ABOUT THIS EXERCISE – Going down the data below, set down exactly the line with "0 <= a -> 0 <= b -> lam" and each line after it through the line with "rewrite lt_def addr_ge0"; no other lines.

________________________________________

(* In the setting of the context (with assumptions (A.1)–(A.3)), suppose the PMM generates infinite sequences $\{(u_k,v_k)\}$, $\{(z_k,w_k)\}$, $\{\gamma_k\}$, $\{\rho_k\}$, and define $x_k=z_{k-1}+\lambda w_{k-1}+\lambda(Cv_k-d)$ and $y_k=x_k-\lambda(w_{k-1}-Mu_k)$. Let $d_0$ be the distance from $(z_0,w_0)$ to the set $S_e(\partial h_1,\partial h_2)$ and $\tau=\min\{\lambda,1/\lambda\}$. Then for all $k=1,2,\dots$, $$0\in\partial g(v_k)+C^*x_k,\qquad 0\in\partial f(u_k)+M^*y_k,$$ and there exists an index $1\le i\le k$ such that $$\|Mu_i+Cv_i-d\|\le\frac{2d_0}{(1-\bar\rho)\tau\sqrt k},\qquad \|x_i-y_i\|\le\frac{2d_0}{(1-\bar\rho)\tau\sqrt k}.$$
   Context: Let $f:\mathbb{R}^{m_1}\to(-\infty,\infty]$, $g:\mathbb{R}^{m_2}\to(-\infty,\infty]$ be proper closed convex, $M:\mathbb{R}^{m_1}\to\mathbb{R}^n$, $C:\mathbb{R}^{m_2}\to\mathbb{R}^n$ linear, $d\in\mathbb{R}^n$; consider $\min\{f(u)+g(v):Mu+Cv=d\}$ with Lagrangian $L(u,v,z)=f(u)+g(v)+\langle Mu+Cv-d,z\rangle$. A saddle point is $(u^*,v^*,z^* )$ with $L(u^*,v^*,z^* )$ finite and $\min_{(u,v)}L(u,v,z^* )=L(u^*,v^*,z^* )=\max_zL(u^*,v^*,z)$. Let $h_1(z)=f^*(-M^*z)$, $h_2(z)=g^*(-C^*z)+\langle d,z\rangle$ ($^*$ on functions = Fenchel conjugate, on operators = adjoint), and $S_e(\partial h_1,\partial h_2)=\{(z,w)\in\mathbb{R}^n\times\mathbb{R}^n:-w\in\partial h_1(z),\ w\in\partial h_2(z)\}$ (a closed convex set). Standing assumptions: (A.1) $L$ has a saddle point; (A.2) $\mathrm{ri}(\mathrm{dom} f^* )\cap\mathrm{range}(M^* )\ne\emptyset$; (A.3) $\mathrm{ri}(\mathrm{dom} g^* )\cap\mathrm{range}(C^* )\ne\emptyset$. PMM: given $(z_0,w_0)\in\mathbb{R}^n\times\mathbb{R}^n$, $\lambda>0$, $\bar\rho\in[0,1)$, for $k=1,2,\dots$: (1) let $v_k$ be a minimizer of $g(v)+\langle z_{k-1}+\lambda w_{k-1},Cv-d\rangle+\frac\lambda2\|Cv-d\|^2$ and $u_k$ a minimizer of $f(u)+\langle z_{k-1}+\lambda(Cv_k-d),Mu\rangle+\frac\lambda2\|Mu\|^2$; (2) if $\|Mu_k+Cv_k-d\|+\|Mu_k-w_{k-1}\|=0$ stop; otherwise set $\gamma_k=\dfrac{\lambda\|Cv_k-d+w_{k-1}\|^2+\lambda\langle d-Cv_k-Mu_k,w_{k-1}-Mu_k\rangle}{\|Mu_k+Cv_k-d\|^2+\lambda^2\|Mu_k-w_{k-1}\|^2}$; (3) choose $\rho_k\in[1-\bar\rho,1+\bar\rho]$ and set $z_k=z_{k-1}+\rho_k\gamma_k(Mu_k+Cv_k-d)$, $w_k=w_{k-1}-\rho_k\gamma_k\lambda(w_{k-1}-Mu_k)$. *)

(* R : realType, vectors of R^n are column vectors 'cV[R]_n,
   linear maps R^m -> R^n are matrices 'M[R]_(n,m) acting by *m, the adjoint
   is the transpose, extended-real valued functions take values in \bar R. *)
From HB Require Import structures.
From mathcomp Require Import all_boot all_order all_algebra.
From mathcomp Require Import boolp classical_sets reals constructive_ereal ereal.
Set Implicit Arguments. Unset Strict Implicit. Unset Printing Implicit Defensive.
Import Order.TTheory GRing.Theory Num.Theory.
Local Open Scope classical_set_scope.
Local Open Scope ring_scope.

Section ConvexAnalysis.
Variable R : realType.

Definition dotv {n : nat} (x y : 'cV[R]_n) : R := \sum_(i < n) x i 0 * y i 0.
Definition normv {n : nat} (x : 'cV[R]_n) : R := Num.sqrt (dotv x x).

Definition cvg_seqv {n : nat} (xs : nat -> 'cV[R]_n) (x : 'cV[R]_n) : Prop :=
  forall eps : R, 0 < eps -> exists N : nat, forall k, (N <= k)%N -> normv (xs k - x) < eps.

Definition proper_fun {n : nat} (f : 'cV[R]_n -> \bar R) : Prop :=
  (forall x, f x != -oo%E) /\ (exists x, (f x < +oo)%E).

(* convex (extended-valued; for proper functions this is convexity of the epigraph) *)
Definition convex_fun {n : nat} (f : 'cV[R]_n -> \bar R) : Prop :=
  forall (x y : 'cV[R]_n) (t : R), 0 < t < 1 ->
    (f (t *: x + (1 - t) *: y)%R <= t%:E * f x + (1 - t)%:E * f y)%E.

(* closed = lower semicontinuous = all sublevel sets are closed *)
Definition closed_fun {n : nat} (f : 'cV[R]_n -> \bar R) : Prop :=
  forall (a : R) (xs : nat -> 'cV[R]_n) (x : 'cV[R]_n),
    (forall k, (f (xs k) <= a%:E)%E) -> cvg_seqv xs x -> (f x <= a%:E)%E.

Definition conj_fun {n : nat} (f : 'cV[R]_n -> \bar R) (y : 'cV[R]_n) : \bar R :=
  ereal_sup [set ((dotv x y)%:E - f x)%E | x in [set: 'cV[R]_n]].

Definition dom_fun {n : nat} (f : 'cV[R]_n -> \bar R) : set 'cV[R]_n :=
  [set x | (f x < +oo)%E].

Definition subdiff {n : nat} (f : 'cV[R]_n -> \bar R) (x : 'cV[R]_n) : set 'cV[R]_n :=
  [set s | f x \is a fin_num /\
           forall y, (f x + (dotv s (y - x)%R)%:E <= f y)%E].

Definition aff_hull {n : nat} (A : set 'cV[R]_n) : set 'cV[R]_n :=
  [set x | exists (p : nat) (P : 'I_p -> 'cV[R]_n) (c : 'I_p -> R),
     (forall i, A (P i)) /\ \sum_(i < p) c i = 1 /\ x = \sum_(i < p) c i *: P i].

Definition rel_int {n : nat} (A : set 'cV[R]_n) : set 'cV[R]_n :=
  [set x | A x /\ exists eps : R, 0 < eps /\
     forall y, aff_hull A y -> normv (y - x) < eps -> A y].

Definition range_mx {m n : nat} (A : 'M[R]_(m, n)) : set 'cV[R]_m :=
  [set y | exists x : 'cV[R]_n, y = A *m x].

Definition lagr {m1 m2 n : nat} (f : 'cV[R]_m1 -> \bar R) (g : 'cV[R]_m2 -> \bar R)
  (M : 'M[R]_(n, m1)) (C : 'M[R]_(n, m2)) (d : 'cV[R]_n)
  (u : 'cV[R]_m1) (v : 'cV[R]_m2) (z : 'cV[R]_n) : \bar R :=
  (f u + g v + (dotv (M *m u + C *m v - d)%R z)%:E)%E.

Definition saddle_point {m1 m2 n : nat} (f : 'cV[R]_m1 -> \bar R) (g : 'cV[R]_m2 -> \bar R)
  (M : 'M[R]_(n, m1)) (C : 'M[R]_(n, m2)) (d : 'cV[R]_n)
  (us : 'cV[R]_m1) (vs : 'cV[R]_m2) (zs : 'cV[R]_n) : Prop :=
  lagr f g M C d us vs zs \is a fin_num /\
  (forall u v, (lagr f g M C d us vs zs <= lagr f g M C d u v zs)%E) /\
  (forall z, (lagr f g M C d us vs z <= lagr f g M C d us vs zs)%E).

Definition h1 {m1 n : nat} (f : 'cV[R]_m1 -> \bar R) (M : 'M[R]_(n, m1))
  (z : 'cV[R]_n) : \bar R := conj_fun f (- (M^T *m z)).
Definition h2 {m2 n : nat} (g : 'cV[R]_m2 -> \bar R) (C : 'M[R]_(n, m2)) (d : 'cV[R]_n)
  (z : 'cV[R]_n) : \bar R := (conj_fun g (- (C^T *m z)) + (dotv d z)%:E)%E.

Definition Se {m1 m2 n : nat} (f : 'cV[R]_m1 -> \bar R) (g : 'cV[R]_m2 -> \bar R)
  (M : 'M[R]_(n, m1)) (C : 'M[R]_(n, m2)) (d : 'cV[R]_n) : set ('cV[R]_n * 'cV[R]_n) :=
  [set zw | subdiff (h1 f M) zw.1 (- zw.2) /\ subdiff (h2 g C d) zw.1 zw.2].

Definition dist_pair {n : nat} (z0 w0 : 'cV[R]_n) (S : set ('cV[R]_n * 'cV[R]_n)) : R :=
  inf [set Num.sqrt (normv (z0 - zw.1) ^+ 2 + normv (w0 - zw.2) ^+ 2) | zw in S].

(* PMM iteration (with the stopping test never triggered: infinite sequences) *)
Definition PMM_run {m1 m2 n : nat} (f : 'cV[R]_m1 -> \bar R) (g : 'cV[R]_m2 -> \bar R)
  (M : 'M[R]_(n, m1)) (C : 'M[R]_(n, m2)) (d : 'cV[R]_n) (lam rhobar : R)
  (u : nat -> 'cV[R]_m1) (v : nat -> 'cV[R]_m2) (z w : nat -> 'cV[R]_n)
  (gam rho : nat -> R) : Prop :=
  forall k : nat, (1 <= k)%N ->
    (forall v' : 'cV[R]_m2,
       (g (v k) + (dotv (z k.-1 + lam *: w k.-1)%R (C *m v k - d)%R)%:E
          + (lam / 2 * normv (C *m v k - d) ^+ 2)%R%:E
        <= g v' + (dotv (z k.-1 + lam *: w k.-1)%R (C *m v' - d)%R)%:E
          + (lam / 2 * normv (C *m v' - d) ^+ 2)%R%:E)%E) /\
    (forall u' : 'cV[R]_m1,
       (f (u k) + (dotv (z k.-1 + lam *: (C *m v k - d))%R (M *m u k))%:E
          + (lam / 2 * normv (M *m u k) ^+ 2)%R%:E
        <= f u' + (dotv (z k.-1 + lam *: (C *m v k - d))%R (M *m u'))%:E
          + (lam / 2 * normv (M *m u') ^+ 2)%R%:E)%E) /\
    normv (M *m u k + C *m v k - d) + normv (M *m u k - w k.-1) != 0 /\
    gam k = (lam * normv (C *m v k - d + w k.-1) ^+ 2
             + lam * dotv (d - C *m v k - M *m u k) (w k.-1 - M *m u k))
            / (normv (M *m u k + C *m v k - d) ^+ 2
               + lam ^+ 2 * normv (M *m u k - w k.-1) ^+ 2) /\
    1 - rhobar <= rho k <= 1 + rhobar /\
    z k = z k.-1 + (rho k * gam k) *: (M *m u k + C *m v k - d) /\
    w k = w k.-1 - (rho k * gam k * lam) *: (w k.-1 - M *m u k).

End ConvexAnalysis.

From HB Require Import structures.
From mathcomp Require Import all_boot all_order all_algebra.
From mathcomp Require Import boolp classical_sets reals constructive_ereal ereal.
From mathcomp Require Import lra ring.
Import Order.TTheory GRing.Theory Num.Theory.
Local Open Scope classical_set_scope.
Local Open Scope ring_scope.

(* The PMM is a relaxed projective splitting method for the extended solution
   set [S_e]: the optimality conditions of the two proximal subproblems give
   [-(Cv_k - d) ∈ ∂h2(x_k)] and [-Mu_k ∈ ∂h1(y_k)], so by monotonicity the
   affine function [φ(z, w) = <z - x_k, d - Cv_k - w> + <z - y_k, w - Mu_k>]
   is nonpositive on [S_e], and [(z_k, w_k)] is the relaxed projection of
   [(z_{k-1}, w_{k-1})] onto the half-space [φ <= 0].  Hence the distance to any
   point of [S_e] decreases by at least [((1 - ρ̄) τ / 2)^2] times the squared
   residual [|Mu_k + Cv_k - d|^2 + |x_k - y_k|^2], because [γ_k >= τ / 2].
   Summing these decreases and choosing the best index gives the
   [O(1 / √k)] bound.  Only the easy inclusions of the subdifferential chain
   rules are used. *)

Lemma le0_of_forall_le_mulr {R : realFieldType} (X K : R) :
  (forall t, 0 < t < 1 -> X <= t * K) -> X <= 0.
Proof.
move=> XtK; rewrite leNgt; apply/negP => X0.
have K0 : 0 < K by have := XtK 2^-1; lra.
pose t := X / (X + K).
have tXK : t * (X + K) = X by rewrite divfK // gt_eqF // addr_gt0.
have t0 : 0 < t by rewrite divr_gt0 // addr_gt0.
have t1 : t < 1 by rewrite ltr_pdivrMr ?addr_gt0 // mul1r; lra.
by have := XtK t (introT andP (conj t0 t1)); nra.
Qed.

Lemma min_inv_mul_le {R : realFieldType} {lam a b : R} : 0 < lam -> 0 <= a -> 0 <= b ->
  Num.min lam lam^-1 * (a + lam ^+ 2 * b) <= lam * (a + b).
Proof.
move=> lam0 a0 b0; have lamV0 : 0 < lam^-1 by rewrite invr_gt0.
case: (lerP lam 1) => lam1.
  have -> : Num.min lam lam^-1 = lam.
    by apply/min_idPl; rewrite -[lam^-1]mul1r ler_pdivlMr //; nra.
  have lam2 : lam * lam <= 1 by nra.
  by apply: ler_wpM2l; [exact: ltW | rewrite expr2; nra].
have lamV1 : lam^-1 < 1 by rewrite invf_lt1.
have -> : Num.min lam lam^-1 = lam^-1 by apply/min_idPr; lra.
have lamV : lam^-1 * lam = 1 by rewrite mulVf // gt_eqF.
rewrite mulrDr expr2 !mulrA lamV mul1r mulrDr lerD2r.
by apply: ler_wpM2r => //; lra.
Qed.

Lemma relaxation_factor_ge {R : realFieldType} {rhobar rho c gam : R} :
  0 <= rhobar < 1 -> 1 - rhobar <= rho <= 1 + rhobar -> 0 <= c <= gam ->
  ((1 - rhobar) * c) ^+ 2 <= rho * (2 - rho) * gam ^+ 2.
Proof.
move=> /andP[rb0 rb1] /andP[rho_lo rho_hi] /andP[c0 c_gam].
have c2 : c ^+ 2 <= gam ^+ 2 by rewrite ler_sqr ?nnegrE //; lra.
have rho2 : (1 - rhobar) ^+ 2 <= rho * (2 - rho) by rewrite expr2; nra.
by rewrite exprMn; apply: ler_pM; rewrite ?sqr_ge0.
Qed.

Lemma sqr_add_scaled_gt0 {R : realFieldType} (a b lam : R) :
  0 <= a -> 0 <= b -> lam != 0 -> a + b != 0 -> 0 < a ^+ 2 + lam ^+ 2 * b ^+ 2.
Proof.
move=> a0 b0 lam0 ab0.
have a2 := sqr_ge0 a; have lb2 : 0 <= lam ^+ 2 * b ^+ 2 by rewrite mulr_ge0 ?sqr_ge0.
rewrite lt_def addr_ge0 // andbT paddr_eq0 // sqrf_eq0 mulf_eq0 !sqrf_eq0 (negbTE lam0) /=.
by apply: contra ab0 => /andP[/eqP-> /eqP->]; rewrite addr0.
Qed.

Lemma le_div_of_sqrt_le {R : rcfType} (N D a k d0 : R) :
  0 <= N -> N ^+ 2 <= D -> 0 < a -> 0 < k ->
  Num.sqrt ((a / 2) ^+ 2 * k * D) <= d0 -> N <= 2 * d0 / (a * Num.sqrt k).
Proof.
move=> N0 ND a0 k0 le_d0.
have D0 : 0 <= D by apply: le_trans ND; exact: sqr_ge0.
have sk0 : 0 < Num.sqrt k by rewrite sqrtr_gt0.
have N_le : N <= Num.sqrt D by rewrite -(ger0_norm N0) -sqrtr_sqr ler_wsqrtr.
have sqrtE : Num.sqrt ((a / 2) ^+ 2 * k * D) = a / 2 * Num.sqrt k * Num.sqrt D.
  rewrite sqrtrM ?mulr_ge0 ?sqr_ge0 ?ltW // sqrtrM ?sqr_ge0 // sqrtr_sqr ger0_norm //.
  by rewrite divr_ge0 ?ltW.
rewrite sqrtE in le_d0.
rewrite ler_pdivlMr ?mulr_gt0 //.
have : N * (a * Num.sqrt k) <= Num.sqrt D * (a * Num.sqrt k).
  by apply: ler_wpM2r; rewrite // mulr_ge0 ?ltW.
lra.
Qed.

________________________________________

RESPONSE TO THIS EXERCISE –
  0 <= a -> 0 <= b -> lam != 0 -> a + b != 0 -> 0 < a ^+ 2 + lam ^+ 2 * b ^+ 2.
Proof.
move=> a0 b0 lam0 ab0.
have a2 := sqr_ge0 a; have lb2 : 0 <= lam ^+ 2 * b ^+ 2 by rewrite mulr_ge0 ?sqr_ge0.
rewrite lt_def addr_ge0 // andbT paddr_eq0 // sqrf_eq0 mulf_eq0 !sqrf_eq0 (negbTE lam0) /=.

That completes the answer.